*** Block opens ***

Lemma connected_via_clique (S Y : {set T}) : is_clique e S ->
  {in Y, forall y, exists2 c, c \in S :&: Y & con Y y c} -> connected_on e Y.
Proof.
move=> /cliqueP cS reach; apply/connected_onP => x y /reach[cx cxSY xcx] /reach[cy cySY ycy].
move: cxSY cySY; rewrite !inE => /andP[cxS cxY] /andP[cyS cyY].
apply: (connect_trans xcx); rewrite con_sym; apply: (connect_trans ycy).
have [->|ncyx] := eqVneq cy cx; first exact: connect0.
by apply: con_edge; rewrite // cS.
Qed.

Lemma clique_no_cut (S : {set T}) : is_clique e S -> no_cut_connected e S.
Proof.
have self (K : {set T}) : is_clique e K -> connected_on e K.
  by move=> cK; apply: connected_via_clique cK _ => y yK; exists y; rewrite ?inE ?yK.
move=> cS; rewrite /no_cut_connected self //=.
by apply/forall_inP => v _; apply: self; apply: clique_subset cS; apply: subsetDl.
Qed.

Lemma uniq_walk_reach (Y : {set T}) s y v :
  sorted e s -> uniq s -> y \in s -> y != v -> {in s, forall t, t != v -> t \in Y} ->
  exists2 c, c \in [:: head y s; last y s] & (c != v) && con Y y c.
Proof.
move=> es us ys yv sY; case/splitPr: ys es us sY => s1 s2.
rewrite sorted_cat_cons cat_uniq => /andP[es1 es2] /and3P[_ s1s2 _] sY.
have [vs1|vs1] := boolP (v \in s1).
  have vs2 : v \notin y :: s2 by apply: contra s1s2 => vs2; apply/hasP; exists v.
  exists (last y s2); first by rewrite last_cat /= !inE eqxx orbT.
  rewrite (memPn vs2 _ (mem_last y s2)) /=.
  by apply: path_con es2 _ => t ts; apply: (sY t _ (memPn vs2 t ts)); rewrite mem_cat ts orbT.
case: s1 vs1 es1 sY {s1s2} => [|h s1] vs1 es1 sY.
  by exists y; rewrite ?mem_head // yv connect0.
exists h; first exact: mem_head.
rewrite (memPn vs1 h (mem_head _ _)) con_sym /=.
have := path_con es1; rewrite last_rcons; apply=> t.
rewrite -[h :: _]/(rcons (h :: s1) y) mem_rcons inE => /predU1P[->|ts1]; apply: sY => //.
- by rewrite mem_cat mem_head orbT.
- by rewrite mem_cat ts1.
- by apply: contraNneq vs1 => <-.
Qed.
(* Let $p\in(1,2]$, let $u$ be an ancient solution of the half-space problem $u_t-\Delta u=|\nabla u|^p$ in $\mathbb{R}^n_+\times(-\infty,0)$, $u=0$ on $\partial\mathbb{R}^n_+\times(-\infty,0)$, let $\varepsilon>0$ and assume $$M_1:=\sup_{\Gamma_1\times(-\infty,-\varepsilon]}|u|<\infty.$$ Then there is $C=C(n,p,M_1)>0$ such that $|u(x,t)|\le C x_n$ for all $(x,t)\in\Gamma_1\times(-\infty,-\varepsilon]$.
   Context: $\mathbb{R}^n_+:=\{x\in\mathbb{R}^n: x_n>0\}$, $\Gamma_R:=\{x\in\mathbb{R}^n: 0<x_n<R\}$. An ancient solution of the half-space problem is a function $u\in C^{2,1}(Q)\cap C(\overline Q)$, $Q=\mathbb{R}^n_+\times(-\infty,0)$, satisfying the PDE pointwise in $Q$ and $u=0$ pointwise on $\partial\mathbb{R}^n_+\times(-\infty,0)$. *)

From HB Require Import structures.
From mathcomp Require Import all_boot all_order all_algebra.
From mathcomp Require Import all_classical all_reals all_analysis.
Set Implicit Arguments. Unset Strict Implicit. Unset Printing Implicit Defensive.
Import Order.TTheory GRing.Theory Num.Theory.
Import numFieldNormedType.Exports.
Local Open Scope classical_set_scope.
Local Open Scope ring_scope.

Section Defs.
Variables (R : realType) (N : nat).
(* space R^(N.+1); the last coordinate x_n is the entry ord_max *)
Notation pt := 'rV[R]_N.+1.

Definition xlast (x : pt) : R := x ord0 ord_max.

Definition unitv (i : 'I_N.+1) : pt := delta_mx ord0 i.

Definition dpart (i : 'I_N.+1) (f : pt -> R) (x : pt) : R := 'D_(unitv i) f x.

Definition Qset : set (pt * R) := [set z | 0 < xlast z.1 /\ z.2 < 0].
Definition Qbar : set (pt * R) := [set z | 0 <= xlast z.1 /\ z.2 <= 0].

Definition ut (u : pt -> R -> R) (x : pt) (t : R) : R := 'D_1 (fun s => u x s) t.
Definition ux (u : pt -> R -> R) (i : 'I_N.+1) (x : pt) (t : R) : R :=
  dpart i (fun y => u y t) x.
Definition uxx (u : pt -> R -> R) (i j : 'I_N.+1) (x : pt) (t : R) : R :=
  dpart j (fun y => ux u i y t) x.

Definition cont_at (g : pt * R -> R) (z : pt * R) : Prop := g w @[w --> z] --> g z.

Definition C21_Q (u : pt -> R -> R) : Prop :=
  forall z, Qset z ->
    [/\ cont_at (fun w => u w.1 w.2) z,
        derivable (fun s => u z.1 s) z.2 1 /\ cont_at (fun w => ut u w.1 w.2) z,
        (forall i, derivable (fun y => u y z.2) z.1 (unitv i) /\
                   cont_at (fun w => ux u i w.1 w.2) z) &
        (forall i j, derivable (fun y => ux u i y z.2) z.1 (unitv j) /\
                   cont_at (fun w => uxx u i j w.1 w.2) z)].

Definition laplacian (u : pt -> R -> R) (x : pt) (t : R) : R :=
  \sum_(i < N.+1) uxx u i i x t.

Definition gradnorm (u : pt -> R -> R) (x : pt) (t : R) : R :=
  Num.sqrt (\sum_(i < N.+1) (ux u i x t) ^+ 2).

Definition ancient_solution (p : R) (u : pt -> R -> R) : Prop :=
  [/\ C21_Q u,
      {within Qbar, continuous (fun w : pt * R => u w.1 w.2)},
      (forall x t, 0 < xlast x -> t < 0 ->
         ut u x t - laplacian u x t = (gradnorm u x t) `^ p) &
      (forall x t, xlast x = 0 -> t < 0 -> u x t = 0)].

Definition Gamma1_eps (eps : R) : set (pt * R) :=
  [set z | 0 < xlast z.1 < 1 /\ z.2 <= - eps].

Definition absvals (u : pt -> R -> R) (A : set (pt * R)) : set R :=
  [set `|u z.1 z.2| | z in A].
End Defs.

From HB Require Import structures.
From mathcomp Require Import all_boot all_order all_algebra.
From mathcomp Require Import all_classical all_reals all_analysis.
From mathcomp Require Import ring lra.
Import Order.TTheory GRing.Theory Num.Theory.
Import numFieldNormedType.Exports. Import Num.Def.
Local Open Scope classical_set_scope.
Local Open Scope ring_scope.

(* A barrier argument on the half-strip [0 <= x_n <= 1/2, t <= -eps], where
   [|u| <= M := |M1|] by hypothesis and [u = 0] on [x_n = 0].  A weak minimum
   principle holds there for every supersolution [v] of the heat equation: if
   [v] were negative somewhere, [v] plus a small coercive penalty would attain
   a negative minimum at an interior point, where [v_t <= 0 <= Delta v] up to
   the penalty.  It is applied to [u + 2 M x_n], a supersolution since
   [u_t - Delta u = |grad u|^p >= 0], which gives [u >= - 2 M x_n]; and to
   [- e^u + 1 + 4 E x_n - E x_n^2] with [E = e^M], because
   [(- e^u)_t - Delta (- e^u) = e^u (|grad u|^2 - |grad u|^p) >= - E] as
   [|grad u|^p <= 1 + |grad u|^2] for [p <= 2], which gives
   [u <= e^u - 1 <= 4 E x_n].  For [x_n > 1/2] the bound [|u| <= M] suffices. *)

Section OneVariable.
Context {R : realType}.

Lemma is_derive_quotient {f : R -> R} {x d : R} :
  is_derive x (1 : R) f d -> (fun h : R => h^-1 * (f (h + x) - f x)) @ 0^' --> d.
Proof.
case=> fd <-; move: fd; rewrite /derivable /derive.
rewrite (_ : (fun h : R => h^-1 *: ((f \o shift x) (h *: 1) - f x)) =
             (fun h : R => h^-1 * (f (h + x) - f x))) //.
by apply: funext => h /=; rewrite /shift /= -[h *: 1]/(h * 1) mulr1.
Qed.

Lemma near0_punctured_ball {P : R -> Prop} : (\forall h \near 0^', P h) ->
  exists2 e : R, 0 < e & forall h, h != 0 -> `|h| < e -> P h.
Proof.
move=> /nbhs_ballP [e e0 He]; exists e => // h h0 he; apply: He => //.
by rewrite /ball /= sub0r normrN.
Qed.

Lemma deriv2_ge0_at_min (g g' : R -> R) (g2 r : R) : 0 < r ->
  (forall s, -r < s < r -> g 0 <= g s) ->
  (forall s, -r < s < r -> is_derive s (1 : R) g (g' s)) ->
  is_derive 0 (1 : R) g' g2 -> 0 <= g2.
Proof.
move=> r0 gmin gd g'd.
have g'0 : g' 0 = 0.
  have r0' : -r < 0 < r by rewrite oppr_lt0 r0.
  have : is_derive 0 (1 : R) g 0.
    apply: (@derive1_at_min _ g (-r) r) => [|t||t]; rewrite ?in_itv //=.
    - by rewrite lerNl; lra.
    - by move=> /gd [].
    - by move=> /gmin.
  by move=> [_ D0]; case: (gd 0 r0') => _ <-.
rewrite leNgt; apply/negP => g2lt0.
have [e e0 He] := near0_punctured_ball (cvgr_lt _ (is_derive_quotient g'd) _ g2lt0).
pose s := minr e r / 2.
have s0 : 0 < s by rewrite divr_gt0 // lt_min e0 r0.
have se : s < e by rewrite /s; have := ge_min e e r; rewrite lexx /=; lra.
have sr : s < r by rewrite /s; have := ge_min r e r; rewrite lexx orbT /=; lra.
have g'_neg c : 0 < c < s -> g' c < 0.
  case/andP => c0 cs.
  have := He c (lt0r_neq0 c0); rewrite gtr0_norm // => /(_ (lt_trans cs se)).
  by rewrite addr0 g'0 subr0 pmulr_rlt0 // invr_gt0.
have gd_in c : c \in `]0, s[ -> is_derive c (1 : R) g (g' c).
  by rewrite in_itv /= => /andP[c0 cs]; apply: gd; lra.
have g_cont : {within `[0, s], continuous g}.
  apply: derivable_within_continuous => c; rewrite in_itv /= => /andP[c0 cs].
  by case: (gd c _) => //; lra.
have [c cin] := MVT s0 gd_in g_cont.
rewrite subr0 => gs.
have := gmin s; rewrite -subr_ge0 gs pmulr_lge0 // => g'c_ge0.
have : g' c < 0 by apply: g'_neg; move: cin; rewrite in_itv.
rewrite ltNge g'c_ge0 //; lra.
Qed.

Lemma deriv_le0_at_left_min (h : R -> R) (t h1 r : R) : 0 < r ->
  (forall s, t - r < s <= t -> h t <= h s) -> is_derive t (1 : R) h h1 -> h1 <= 0.
Proof.
move=> r0 hmin hd; rewrite leNgt; apply/negP => h1_gt0.
have [e e0 He] := near0_punctured_ball (cvgr_gt _ (is_derive_quotient hd) _ h1_gt0).
pose s := minr e r / 2.
have s0 : 0 < s by rewrite divr_gt0 // lt_min e0 r0.
have se : s < e by rewrite /s; have := ge_min e e r; rewrite lexx /=; lra.
have sr : s < r by rewrite /s; have := ge_min r e r; rewrite lexx orbT /=; lra.
have := He (- s); rewrite oppr_eq0 normrN gtr0_norm // (gt_eqF s0) => /(_ isT se).
have : 0 <= h (- s + t) - h t by rewrite subr_ge0; apply: hmin; lra.
rewrite nmulr_rgt0 ?invr_lt0 ?oppr_lt0 //; lra.
Qed.

Lemma deriv2_quad_min (h h' : R -> R) (c1 c2 h2 r : R) : 0 < r ->
  (forall s, -r < s < r -> is_derive s (1 : R) h (h' s)) -> is_derive 0 (1 : R) h' h2 ->
  (forall s, -r < s < r -> h 0 <= h s + (c1 * s + c2 * s ^+ 2)) ->
  0 <= h2 + 2 * c2.
Proof.
move=> r0 hd h'd hmin.
apply: (@deriv2_ge0_at_min (fun s => h s + (c1 * s + c2 * s ^+ 2))
  (fun s => h' s + (c1 + 2 * c2 * s)) _ r r0).
- by move=> s /hmin; rewrite mulr0 expr0n /= mulr0 !addr0.
- move=> s /hd hds; apply: is_derive_eq; rewrite /GRing.scale /=; ring.
- apply: is_derive_eq; rewrite /GRing.scale /=; ring.
Qed.

Lemma is_derive_expN_comp {h : R -> R} {s h1 : R} : is_derive s (1 : R) h h1 ->
  is_derive s (1 : R) (fun s => - expR (h s)) (- (expR (h s) * h1)).
Proof. by move=> hd; apply: is_deriveN; exact: is_derive1_comp. Qed.

Lemma deriv2_quad_min_expN (h h' : R -> R) (c1 c2 h2 r : R) : 0 < r ->
  (forall s, -r < s < r -> is_derive s (1 : R) h (h' s)) -> is_derive 0 (1 : R) h' h2 ->
  (forall s, -r < s < r -> - expR (h 0) <= - expR (h s) + (c1 * s + c2 * s ^+ 2)) ->
  expR (h 0) * (h2 + h' 0 ^+ 2) <= 2 * c2.
Proof.
move=> r0 hd h'd hmin.
have r0' : -r < 0 < r by rewrite oppr_lt0 r0.
suff : 0 <= - (expR (h 0) * h2 + h' 0 * (expR (h 0) * h' 0)) + 2 * c2.
  by rewrite mulrDr expr2 mulrCA; lra.
apply: (@deriv2_quad_min (fun s => - expR (h s)) (fun s => - (expR (h s) * h' s))
  c1 _ _ r r0 _ _ hmin) => [s /hd|]; first exact: is_derive_expN_comp.
have e'd := @is_derive1_comp _ expR h 0 _ _ _ (hd 0 r0').
by apply: is_derive_eq; rewrite /GRing.scale /=; ring.
Qed.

*** Block closes ***

__WHAT TO WORK ON__:
Copy out each line of the data where the string "memPn" appears.

__ANSWER TO THIS EXERCISE__:
  rewrite (memPn vs2 _ (mem_last y s2)) /=.
  by apply: path_con es2 _ => t ts; apply: (sY t _ (memPn vs2 t ts)); rewrite mem_cat ts orbT.
rewrite (memPn vs1 h (mem_head _ _)) con_sym /=.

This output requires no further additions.